Only As Safe As You Feel

St. Pete Police Shortage, Part 2: Perception or reality?

click to enlarge MAN DOWN: "I'm not looking to blame someone for doing something wrong," St. Pete Police Officer Mark Deasaro says of staffing shortages. "Let's just fix it." - Alex Pickett
Alex Pickett
MAN DOWN: "I'm not looking to blame someone for doing something wrong," St. Pete Police Officer Mark Deasaro says of staffing shortages. "Let's just fix it."

Officer Mark Deasaro compares the St. Petersburg Police Department to a bucket with a large hole in the bottom. Every month, Chief Charles "Chuck" Harmon pours more officers into that bucket, and every month, just as many (or more) flow back out the bottom.

"We are losing police officers at an alarming rate," he says, looking gravely serious in the Police Benevolent Association's Clearwater office. "You can pour all sorts of new officers into the bucket, but it's never going to fill."

It's an apt analogy to describe the department, which has lost 165 officers since 2003 while hiring only 151. Police records show there are 38 vacancies in a department authorized to field 540 officers. And even that number counts dozens of police in either pre- or post-academy training who cannot patrol the city's streets alone.

The coming months don't look any better: A large pool of officers hired during an early-'80s boom period will retire in the next few years, draining the department of much-needed experience.

"You can't tell me with the number of condos going in downtown, that the infrastructure does not have to be there," says Deasaro, who represents 1,200 officers as the PBA union president. "The first thing people want is to be safe."

It's not an issue unique to St. Petersburg — thinning police forces are a problem in most growing cities across the country. But some police officers and neighborhood leaders say the difference in St. Pete lies in the way the police department is losing its younger recruits, usually after three to five years in the department.

"We don't have people coming from Tampa or leaving the [Pinellas County] Sheriff's Office to come here," Deasaro says. "We have people from St. Pete leaving to go there."

Deasaro and other police officers cite three reasons for the exodus: rising housing costs, restrictive policies like the no-chase rule and an unsupportive culture inside the department. The high turnover, he says, just adds to the plummeting morale, and further hurts crime-fighting efforts.

"No police officer is going to tell you that crime is under control," he says. "If we had all the police officers needed, we could proactively go and stop things that happen."

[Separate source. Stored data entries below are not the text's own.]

Section PreconditionedGradientStep.
Context {d : measure_display} {T : measurableType d} {R : realType} {n : nat}.
Context {Q : probability T R} {G : set (set T)}.
Context {f : 'rV[R]_n -> R} {gradf : 'rV[R]_n -> 'rV[R]_n} {xs : 'rV[R]_n}.
Context {tau L lo hi nu1 nu2 N : R}.
Context {y y' g : T -> 'rV[R]_n} {A : T -> 'M[R]_n} {Z : T -> R}.
Hypotheses (f_grad : has_gradient f gradf) (f_sc : strongly_convex tau f).
Hypotheses (tau_gt0 : 0 < tau) (L_gt0 : 0 < L).
Hypothesis gradf_lip :
  forall u v, sqnorm (gradf u - gradf v) <= L ^+ 2 * sqnorm (u - v).
Hypothesis xs_min : forall u, f xs <= f u.
Hypotheses (n_gt0 : (0 < n)%N) (lo_gt0 : 0 < lo) (lo_le_hi : lo <= hi) (N_gt0 : 0 < N).
Hypothesis y'E : forall t, y' t = y t - (1 / (L * hi)) *: (g t *m (A t)^T).
Hypothesis A_sym : forall t, (A t)^T = A t.
Hypothesis A_bounds : {ae Q, forall t, loewner_between lo hi (A t)}.
Hypotheses (y_meas : forall i, measurable_fun setT (fun t => y t 0 i))
  (y'_meas : forall i, measurable_fun setT (fun t => y' t 0 i)).
Hypotheses (G_T : G setT) (Z_cond : is_cond_exp Q G (fun t => sqnorm (gradf (y t) - g t)) Z).
Hypothesis Z_le : {ae Q, forall t, Z t <= (nu1 ^+ 2 * sqnorm (y t) + nu2 ^+ 2) / N}.

Lemma expected_gap_step :
  (\int[Q]_t ((f (y' t) - f xs)%:E) <=
    (1 - tau * lo / (L * hi) + 2 * nu1 ^+ 2 / (L * tau * N))%:E *
      \int[Q]_t ((f (y t) - f xs)%:E) +
    ((2 * nu1 ^+ 2 * sqnorm xs + nu2 ^+ 2) / (2 * L * N))%:E)%E.
Proof.
set K := (2 * L)^-1; set p := 4 * nu1 ^+ 2 / (tau * N).
set q := (2 * nu1 ^+ 2 * sqnorm xs + nu2 ^+ 2) / N.
have -> : 2 * nu1 ^+ 2 / (L * tau * N) = K * p by rewrite /K /p; field; rewrite !gt_eqF.
have -> : (2 * nu1 ^+ 2 * sqnorm xs + nu2 ^+ 2) / (2 * L * N) = K * q.
  by rewrite /K /q; field; rewrite !gt_eqF.
have hi_gt0 := lt_le_trans lo_gt0 lo_le_hi.
have K_ge0 : 0 <= K by rewrite invr_ge0 mulr_ge0 ?ler0n ?ltW.
have p_ge0 : 0 <= p.
  by apply: divr_ge0; apply: mulr_ge0; rewrite ?ler0n ?sqr_ge0 ?ltW.
have q_ge0 : 0 <= q.
  apply: divr_ge0; last exact: ltW.
  by rewrite addr_ge0 ?sqr_ge0 // mulr_ge0 ?sqnorm_ge0 // mulr_ge0 ?ler0n ?sqr_ge0.
have c_ge0 : 0 <= 1 - tau * lo / (L * hi).
  rewrite subr_ge0 ler_pdivrMr ?mulr_gt0 // mul1r.
  by apply: ler_pM => //; [exact: ltW | exact: ltW | exact: strong_convexity_le_smoothness].
have f_cont : continuous f by move=> u; exact: differentiable_continuous (f_grad u).1.
have gap_meas (X : T -> 'rV[R]_n) : (forall i, measurable_fun setT (fun t => X t 0 i)) ->
    measurable_fun setT (fun t => f (X t) - f xs).
  move=> X_meas; apply: measurable_funB (measurable_cst _).
  exact: measurable_comp_continuous.
have gap_ge0 (X : T -> 'rV[R]_n) t : 0 <= f (X t) - f xs by rewrite subr_ge0.
apply: (expectation_recursion_le G_T Z_cond c_ge0 K_ge0 p_ge0 q_ge0 (gap_ge0 y)
  (gap_ge0 y') _ (gap_meas _ y_meas) (gap_meas _ y'_meas)).
- by move=> t; exact: sqnorm_ge0.
- apply: filterS A_bounds => t At_bounds; rewrite y'E.
  exact: preconditioned_step_gap.
- apply: filterS Z_le => t Zt_le; apply: le_trans Zt_le _.
  exact: variance_bound_le_gap.
Qed.

End PreconditionedGradientStep.
Theorem mainTheorem1
  (R : realType) (n o : nat)
  (* (Omega, F, P): the probability space of omega, and the random vector xi *)
  (d : measure_display) (Omega : measurableType d) (P : probability Omega R)
  (xi : Omega -> 'rV[R]_o)
  (* (Theta, Q): the probability space on which the algorithm runs *)
  (d' : measure_display) (Theta : measurableType d') (Q : probability Theta R)
  (F : 'rV[R]_n -> 'rV[R]_o -> R) (gradF : 'rV[R]_n -> 'rV[R]_o -> 'rV[R]_n)
  (f : 'rV[R]_n -> R) (gradf : 'rV[R]_n -> 'rV[R]_n) (xstar : 'rV[R]_n)
  (tau L nu1 nu2 lam_lo lam_hi : R)
  (N : nat -> nat)
  (om : nat -> nat -> Theta -> Omega)       (* om j k = omega_{j+1,k} *)
  (H : nat -> Theta -> 'M[R]_n)
  (x0 : 'rV[R]_n) (x : nat -> Theta -> 'rV[R]_n) :
  (* xi is a random vector *)
  (forall i : 'I_o, measurable_fun setT (fun w => xi w 0 i)) ->
  (* f(x) = E[F(x, omega)] *)
  (forall y, P.-integrable setT (fun w => (F y (xi w))%:E)) ->
  (forall y, ((f y)%:E = \int[P]_w (F y (xi w))%:E)%E) ->
  0 < tau -> strongly_convex tau f ->
  (forall y, f xstar <= f y) ->
  (* (a) *)
  (forall w : Omega, convex_fun (fun y => F y (xi w))) ->
  (forall w : Omega, has_gradient (fun y => F y (xi w)) (fun y => gradF y (xi w))
                     /\ continuous (fun y => gradF y (xi w))) ->
  0 < L -> has_gradient f gradf ->
  (forall y z, sqnorm (gradf y - gradf z) <= L ^+ 2 * sqnorm (y - z)) ->
  (* step sizes and sample sizes *)
  (forall k, (0 < N k)%N) -> (forall k, (N k <= N k.+1)%N) ->
  2 * nu1 ^+ 2 * lam_hi / (tau ^+ 2 * lam_lo) < (N 0)%:R ->
  (* the iteration, with gamma_k = 1 / (L * lam_hi) *)
  (forall t, x 0 t = x0) ->
  (forall k t, x k.+1 t = x k t -
      (1 / (L * lam_hi)) *:
        (((N k)%:R^-1 *: \sum_(j < N k) gradF (x k t) (xi (om j k t)))
           *m (H k t)^T)) ->
  (* the iterates are random vectors *)
  (forall k (i : 'I_n), measurable_fun setT (fun t => x k t 0 i)) ->
  (* (b) *)
  0 < nu1 -> 0 < nu2 ->
  (forall k,
     let wbar := fun t => gradf (x k t) -
        (N k)%:R^-1 *: \sum_(j < N k) gradF (x k t) (xi (om j k t)) in
     (exists Z, is_cond_exp Q (gen_sigma x k) (fun t => sqnorm (wbar t)) Z /\
        {ae Q, forall t, Z t <= (nu1 ^+ 2 * sqnorm (x k t) + nu2 ^+ 2) / (N k)%:R}) /\
     (forall i : 'I_n,
        is_cond_exp Q (gen_sigma x k) (fun t => wbar t 0 i) (fun _ => 0))) ->
  (* (c) *)
  0 < lam_lo -> lam_lo <= lam_hi ->
  (forall k (i j : 'I_n) (B : set R), measurable B ->
     gen_sigma x k ((fun t => H k t i j) @^-1` B)) ->
  (forall k t, sym_pos_def (H k t)) ->
  (forall k, {ae Q, forall t, loewner_between lam_lo lam_hi (H k t)}) ->
  (* conclusion *)
  forall k : nat, (1 <= k)%N ->
    let rate : R := 1 - tau * lam_lo / (L * lam_hi) + 2 * nu1 ^+ 2 / (L * tau * (N 0)%:R) in
    let err : R := (2 * nu1 ^+ 2 * sqnorm xstar + nu2 ^+ 2) / (2 * L * (N k)%:R) in
    (\int[Q]_t ((f (x k.+1 t) - f xstar)%:E) <=
      rate%:E * \int[Q]_t ((f (x k t) - f xstar)%:E) + err%:E)%E.
Proof.
(* Not needed: the model [f = E F], convexity of [F], the initial point, positivity
   of nu1 and nu2, unbiasedness of the noise, adaptedness of [H], the lower bound
   on [N 0]. *)
move=> _ _ _ tau_gt0 f_sc xs_min _ _ L_gt0 f_grad gradf_lip N_gt0 N_mono _ _ x_step
  x_meas _ _ noise lo_gt0 lo_le_hi _ H_sym H_loewner k _; cbv zeta.
have Nk_gt0 : 0 < (N k)%:R :> R by rewrite ltr0n.
(* [tau <= L] needs a nonzero vector; in dimension 0 both gaps vanish. *)
have [n0|n_gt0] := posnP n.
  subst n.
  have gap0 j : (\int[Q]_t ((f (x j t) - f xstar)%:E) = 0)%E.
    rewrite (eq_integral (cst 0%E)) ?integral0 // => t _.
    by rewrite /= (thinmx0 (x j t)) (thinmx0 xstar) subrr.
  rewrite !gap0 mule0 add0e lee_fin; apply: divr_ge0.
    by rewrite addr_ge0 ?sqr_ge0 // mulr_ge0 ?sqnorm_ge0 // mulr_ge0 ?ler0n ?sqr_ge0.
  by rewrite !mulr_ge0 ?ler0n // ltW.
have [[Z [Z_cond Z_le]] _] := noise k.
apply: le_trans (expected_gap_step f_grad f_sc tau_gt0 L_gt0 gradf_lip xs_min n_gt0
  lo_gt0 lo_le_hi Nk_gt0 (x_step k) (fun t => (H_sym k t).1) (H_loewner k)
  (x_meas k) (x_meas k.+1) (gen_sigma_setT x k) Z_cond Z_le) _.
have gap_ge0 : (0 <= \int[Q]_t ((f (x k t) - f xstar)%:E))%E.
  by apply: integral_ge0 => t _; rewrite lee_fin subr_ge0.
rewrite leeD2r // lee_wpmul2r // lee_fin lerD2l.
apply: ler_wpM2l; first by rewrite mulr_ge0 ?ler0n ?sqr_ge0.
rewrite lef_pV2 ?posrE ?mulr_gt0 ?ltr0n // ler_pM2l ?mulr_gt0 // ler_nat.
exact: homo_leq leqnn leq_trans N_mono _ _ (leq0n k).
Qed.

The police shortage might have remained an issue just between Chief Harmon and union officials, if not for the increasingly vocal neighborhood groups who say the lack of officers on the city's streets is resulting in a diminished presence in neighborhoods, emboldening criminals. For neighborhood leaders who march through the streets chanting anti-drug slogans at suspected drug houses, the lack of police support is disheartening, if not dangerous.

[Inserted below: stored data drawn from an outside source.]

(* [asc_enum fuel m d n] lists the sequences s with [asc 0 d s], m parts and
   weight n, provided fuel >= n + m: the smallest part is 0 overlined, or d
   non-overlined, or all parts are positive and can be lowered by one. *)
Fixpoint asc_enum (fuel m : nat) (d : bool) (n : nat) : seq (seq part) :=
  match m, fuel with
  | 0, _ => if n == 0 then [:: [::]] else [::]
  | m'.+1, 0 => [::]
  | m'.+1, fuel'.+1 =>
      with_first (0, true) n m' (asc_enum fuel' m' true)
      ++ with_first (nat_of_bool d, false) n m' (asc_enum fuel' m' true)
      ++ shift_into 1 n m (asc_enum fuel' m d)
  end.

Lemma mem_shift_into k n m d L s :
  (k * m <= n -> forall r, (r \in L (n - k * m)) =
     [&& asc 0 d r, size r == m & weight r == n - k * m]) ->
  (s \in shift_into k n m L) = [&& asc k d s, size s == m & weight s == n].
Proof.
move=> memL; rewrite /shift_into; case: ifP => [fits | /negbT]; last first.
  rewrite -ltnNge in_nil => lt_n; apply/esym/and3P => -[/asc_lb/weight_lb].
  by move=> + /eqP size_s /eqP weight_s; rewrite size_s weight_s leqNgt lt_n.
apply/mapP/and3P => [[r] | [asc_s /eqP size_s /eqP weight_s]].
  rewrite memL // => /and3P [asc_r /eqP size_r /eqP weight_r] ->.
  by rewrite asc_shift0 size_shift weight_shift weight_r size_r subnK.
exists (unshift k s); last by rewrite unshiftK // (asc_lb asc_s).
have s_eq := unshiftK (asc_lb asc_s); move: (unshift k s) s_eq => r s_eq.
move: asc_s size_s weight_s; rewrite -s_eq asc_shift0 size_shift weight_shift.
move=> asc_r size_r weight_r; rewrite memL -weight_r size_r ?leq_addl //.
by rewrite addnK asc_r !eqxx.
Qed.

Lemma mem_with_first p n m L q t :
  (p.1.+1 * m <= n - p.1 -> forall r, (r \in L (n - p.1 - p.1.+1 * m)) =
     [&& asc 0 true r, size r == m & weight r == n - p.1 - p.1.+1 * m]) ->
  ((q :: t) \in with_first p n m L) =
    (q == p) && [&& asc p.1.+1 true t, size t == m & p.1 + weight t == n].
Proof.
move=> memL; rewrite /with_first; case: leqP => [le_pn | lt_np]; last first.
  by rewrite in_nil; apply/esym/andP => -[_ /and3P [_ _ /eqP]]; lia.
have -> : (p.1 + weight t == n) = (weight t == n - p.1) by apply/eqP/eqP; lia.
rewrite -(mem_shift_into t memL).
apply/mapP/andP => [[r r_in [-> ->]] | [/eqP -> t_in]]; first by rewrite eqxx.
by exists t.
Qed.

Lemma nil_with_first p n m L : ([::] \in with_first p n m L) = false.
Proof. by rewrite /with_first; case: ifP => // _; apply/mapP => -[]. Qed.

Lemma mem_asc_enum fuel m d n s : n + m <= fuel ->
  (s \in asc_enum fuel m d n) = [&& asc 0 d s, size s == m & weight s == n].
Proof.
elim: fuel m d n s => [|fuel IH] [|m] d n s fuel_ok.
- by case: n {fuel_ok} => [|n]; case: s => [|p t]; rewrite /= ?inE ?andbF.
- by rewrite addnS in fuel_ok.
- by case: n {fuel_ok} => [|n]; case: s => [|p t]; rewrite /= ?inE ?andbF.
have memIH d' n' : n' <= n -> forall r, (r \in asc_enum fuel m d' n') =
    [&& asc 0 d' r, size r == m & weight r == n'].
  by move=> le_n' r; apply: IH; lia.
have memIHS : 1 * m.+1 <= n -> forall r, (r \in asc_enum fuel m.+1 d (n - 1 * m.+1)) =
    [&& asc 0 d r, size r == m.+1 & weight r == n - 1 * m.+1].
  by move=> fits r; apply: IH; lia.
rewrite /= !mem_cat (mem_shift_into _ memIHS).
case: s => [|[a b] t]; first by rewrite !nil_with_first.
rewrite !mem_with_first ?weight_cons; try by move=> _ r; apply: memIH; rewrite -subnDA leq_subr.
rewrite /= !xpair_eqE eqSS.
by case: b; case: (d); case: a => [|[|a]]; rewrite /= ?andbF ?andbT ?orbF.
Qed.

Lemma shift_into_uniq k n m L :
  (k * m <= n -> uniq (L (n - k * m))) -> uniq (shift_into k n m L).
Proof.
move=> uniqL; rewrite /shift_into; case: ifP => // fits.
by rewrite map_inj_uniq ?uniqL //; apply: shift_inj.
Qed.

Lemma with_first_uniq p n m L :
  uniq (L (n - p.1 - p.1.+1 * m)) -> uniq (with_first p n m L).
Proof.
rewrite /with_first => uniqL; case: ifP => // _.
rewrite map_inj_uniq; first exact: shift_into_uniq.
by move=> r r' [].
Qed.

Lemma head_with_first p n m L s : s \in with_first p n m L -> ohead s = Some p.
Proof. by rewrite /with_first; case: ifP => // _ /mapP [r _ ->]. Qed.
(* Let $(\mathcal C,\otimes,\mathbb I)$ be a monoidal category with pushouts and $(H,\Delta,\varepsilon)$ a coalgebra in $\mathcal C$. Let $(X,X\bullet H,\pi_X,\rho_X)$ be a geometric partial $H$-comodule. Consider the free comodule $(X\otimes H,X\otimes\Delta)$ and the two parallel morphisms of $H$-comodules $$\rho_X\otimes H,\ \ (\pi_X\otimes H)\circ(X\otimes\Delta)\ :\ (X\otimes H,X\otimes\Delta)\longrightarrow ((X\bullet H)\otimes H,(X\bullet H)\otimes\Delta).$$ Then $X$ is globalizable if and only if (I) the equalizer $(Y_X,\kappa)$ of this pair exists in $\mathsf{Com}^H$, and (II) the commutative square formed by $(X\otimes\varepsilon)\circ\kappa:Y_X\to X$, $\kappa:Y_X\to X\otimes H$, $\rho_X:X\to X\bullet H$ and $\pi_X:X\otimes H\to X\bullet H$ is a pushout square in $\mathcal C$. Moreover, under these equivalent conditions, $Y_X$ (with $p=(X\otimes\varepsilon)\circ\kappa$) is the globalization of $X$, and $Y_X$ is co-generated by $X$ as a global $H$-comodule, i.e. $(p\otimes H)\circ\delta_{Y_X}:Y_X\to X\otimes H$ is a monomorphism in $\mathsf{Com}^H$, where $\delta_{Y_X}$ is the coaction of $Y_X$.
   Context: $\mathcal C$ is treated as strict monoidal; the identity of an object $X$ is also written $X$ (so $X\otimes\varepsilon=\mathrm{id}_X\otimes\varepsilon$). $\mathsf{Com}^H$ is the category of right $H$-comodules $(Y,\delta)$, $\delta:Y\to Y\otimes H$. A partial comodule datum is $(X,X\bullet H,\pi_X,\rho_X)$ with morphisms $\rho_X:X\to X\bullet H$ and $\pi_X:X\otimes H\to X\bullet H$, $\pi_X$ an epimorphism. For such a datum let: $(X\bullet H)\bullet H$ be the pushout of $\pi_X$ and $\rho_X\otimes H:X\otimes H\to(X\bullet H)\otimes H$, with coprojections $\rho_X\bullet H:X\bullet H\to (X\bullet H)\bullet H$ and $\pi_{X\bullet H}:(X\bullet H)\otimes H\to(X\bullet H)\bullet H$; $X\bullet(H\otimes H)$ the pushout of $\pi_X$ and $X\otimes\Delta$, with coprojections $X\bullet\Delta:X\bullet H\to X\bullet(H\otimes H)$ and $\pi_{X,\Delta}:X\otimes H\otimes H\to X\bullet(H\otimes H)$; $X\bullet(H\bullet H)$ the pushout of $\pi_{X,\Delta}$ and $\pi_X\otimes H:X\otimes H\otimes H\to(X\bullet H)\otimes H$, with coprojections $\pi'_X:X\bullet(H\otimes H)\to X\bullet(H\bullet H)$ and $\pi'_{X,\Delta}:(X\bullet H)\otimes H\to X\bullet(H\bullet H)$. A geometric partial $H$-comodule is a datum such that (GP1) there is $X\bullet\varepsilon:X\bullet H\to X$ with $(X\bullet\varepsilon)\circ\rho_X=\mathrm{id}_X$ and $(X\bullet\varepsilon)\circ\pi_X=X\otimes\varepsilon$; (GP2) there is an isomorphism $\theta:X\bullet(H\bullet H)\to(X\bullet H)\bullet H$ with $\theta\circ\pi'_{X,\Delta}=\pi_{X\bullet H}$ and $(\rho_X\bullet H)\circ\rho_X=\theta\circ\pi'_X\circ(X\bullet\Delta)\circ\rho_X$. A morphism $X\to X'$ of geometric partial comodules is a pair $(f,f\bullet H)$ with $f:X\to X'$, $f\bullet H:X\bullet H\to X'\bullet H$, $\rho_{X'}\circ f=(f\bullet H)\circ\rho_X$ and $\pi_{X'}\circ(f\otimes H)=(f\bullet H)\circ\pi_X$. These form a category $\mathsf{PCom}^H$. A global comodule $(Y,\delta)$ gives the geometric partial comodule $\mathcal I(Y)=(Y,Y\otimes H,\mathrm{id},\delta)$; a morphism $\mathcal I(Y)\to X$ amounts to a morphism $g:Y\to X$ in $\mathcal C$ with $\pi_X\circ(g\otimes H)\circ\delta=\rho_X\circ g$. A globalization of a geometric partial comodule $X$ is a global comodule $(Y,\delta)$ with a morphism $p:Y\to X$ in $\mathcal C$ such that (GL1) $p$ is a morphism $\mathcal I(Y)\to X$; (GL2) $X\bullet H$ with $\rho_X,\pi_X$ is a pushout in $\mathcal C$ of $p:Y\to X$ and $(p\otimes H)\circ\delta:Y\to X\otimes H$; (GL3) for every global comodule $(Z,\delta')$ and every morphism $q:\mathcal I(Z)\to X$ of geometric partial comodules there is a unique comodule morphism $\eta:Z\to Y$ with $p\circ\eta=q$. $X$ is globalizable if a globalization exists. *)

Set Implicit Arguments.
Unset Strict Implicit.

"The police don't have your back when they retaliate against you," says Matthew Culp, whose home was firebombed in May after 18 months of harassment by area drug dealers. "Everything we've heard is what can't be done."

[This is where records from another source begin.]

Lemma count_mask_and m1 m2 : size m1 = size m2 ->
  (count id m1 + count id m2 <= count id (mask_and m1 m2) + size m1)%N.
Proof.
elim: m1 m2 => [|b1 m1 IH] [|b2 m2] //= [/IH].
by rewrite /mask_and /=; case: b1; case: b2 => /=; lia.
Qed.

Lemma subseq_common s1 s2 v : subseq s1 v -> subseq s2 v ->
  exists t, [/\ subseq t s1, subseq t s2 & (size s1 + size s2 <= size t + size v)%N].
Proof.
move=> /subseqP[m1 sz1 ->] /subseqP[m2 sz2 ->].
have sz12 : size (mask_and m1 m2) = size v by rewrite size_map size_zip sz1 sz2 minnn.
exists (mask (mask_and m1 m2) v); split.
- exact: subseq_mask_and.
- by rewrite mask_andC; exact: subseq_mask_and.
- by rewrite !size_mask // -sz1; apply: count_mask_and; rewrite sz1 sz2.
Qed.

Lemma subseq_cat_split s v1 v2 : subseq s (v1 ++ v2) ->
  exists s1 s2, [/\ s = s1 ++ s2, subseq s1 v1 & subseq s2 v2].
Proof.
move=> /subseqP[m sz ->].
exists (mask (take (size v1) m) v1), (mask (drop (size v1) m) v2).
rewrite -mask_cat ?cat_take_drop ?mask_subseq //.
by rewrite size_takel // sz size_cat leq_addr.
Qed.

Lemma subseq_flatten_map (I : eqType) (h : I -> seq T) (i1 i2 : seq I) :
  subseq i1 i2 -> subseq (flatten (map h i1)) (flatten (map h i2)).
Proof.
elim: i2 i1 => [|b i2 IH] [|a i1] //=; rewrite ?sub0seq //.
case: eqP => [-> sub|_ sub]; first exact: cat_subseq (subseq_refl _) (IH _ sub).
exact: subseq_trans (IH _ sub) (suffix_subseq _ _).
Qed.

End SubseqFacts.

Lemma size_flatten_map_le (I S : Type) (h : I -> seq S) (c : nat) s :
  (forall i, size (h i) <= c)%N -> (size (flatten (map h s)) <= size s * c)%N.
Proof. by move=> hc; elim: s => [|a s IH] //=; rewrite size_cat mulSn leq_add. Qed.

Lemma size_flatten_map_filter (I S : Type) (h : I -> seq S) (c : nat) (P : pred I) s :
  (forall i, size (h i) <= c)%N ->
  (size (flatten (map h s)) <=
     size (flatten (map h [seq i <- s | P i])) + count (predC P) s * c)%N.
Proof.
move=> hc; elim: s => [|a s IH] //=; rewrite size_cat.
by case: (P a) => /=; rewrite ?size_cat; have := hc a; lia.
Qed.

Central Oak Park Neighborhood Association Past-President Dan Spice agrees.

"I think St. Pete citizens have gone well above the expected line to make sure we do our part to make the city safe," he says. "We ask the mayor and chief to do the same thing."

Sergeant Phil Quandt, who represents the local Fraternal Order of Police chapter, sympathizes with residents.

"They did everything we told them to," he says. "We understand their frustration ... it's becoming a real safety issue."

Instead of addressing the problem, he says, Chief Harmon is too busy quelling dissent in the department.

"How do you help someone if they look at you and say, 'There's no problem, there's no problem,'?" he says.

Chief Harmon refused an interview for this story, but spokesman William Profitt defended the chief's staffing levels and policies as "adequate."

Profitt says the department's authorized strength is reviewed regularly based on number of calls, response times and other hard data.

"As long as I've been here I've heard people complain, but it's not really justified," he says. "I don't think it's our policies chasing anybody away. Quite honestly, I think it's some of the officers in the department who want to complain that is influencing some of the people who come on, telling them the grass is greener."

As for the neighborhoods, Profitt gives the same refrain.

"If the neighborhoods had their way, they'd have an officer on every corner, every hour of the day," he says. "And that's simply not real. No city can do that."

Profitt says he sympathizes with the neighborhood leaders, but their perceptions run contrary to the facts: Crime is down for the second year in a row. Drug arrests are up 10 percent in the city, along with prostitution and traffic citations, three areas frequently cited by citizens.

"If I was in that situation, maybe I'd blur that reality, too," he says of the neighborhood leaders, like Culp, who feel their homes are under siege. "I'm not saying they're lying. I certainly believe in the adage, perception is reality."

But perception matters. The city may be rebounding by every economic and social indicator, and crime, overall, may be down, but those statistics might not matter if citizens don't feel safe enough to leave their homes.

"Why don't you do a poll of residents and ask if they feel safer?" Quandt suggests. "Do they feel safer in St. Pete now than they did last year?

"Because if it isn't safe, all the Sweetbays in the world is not going to change it."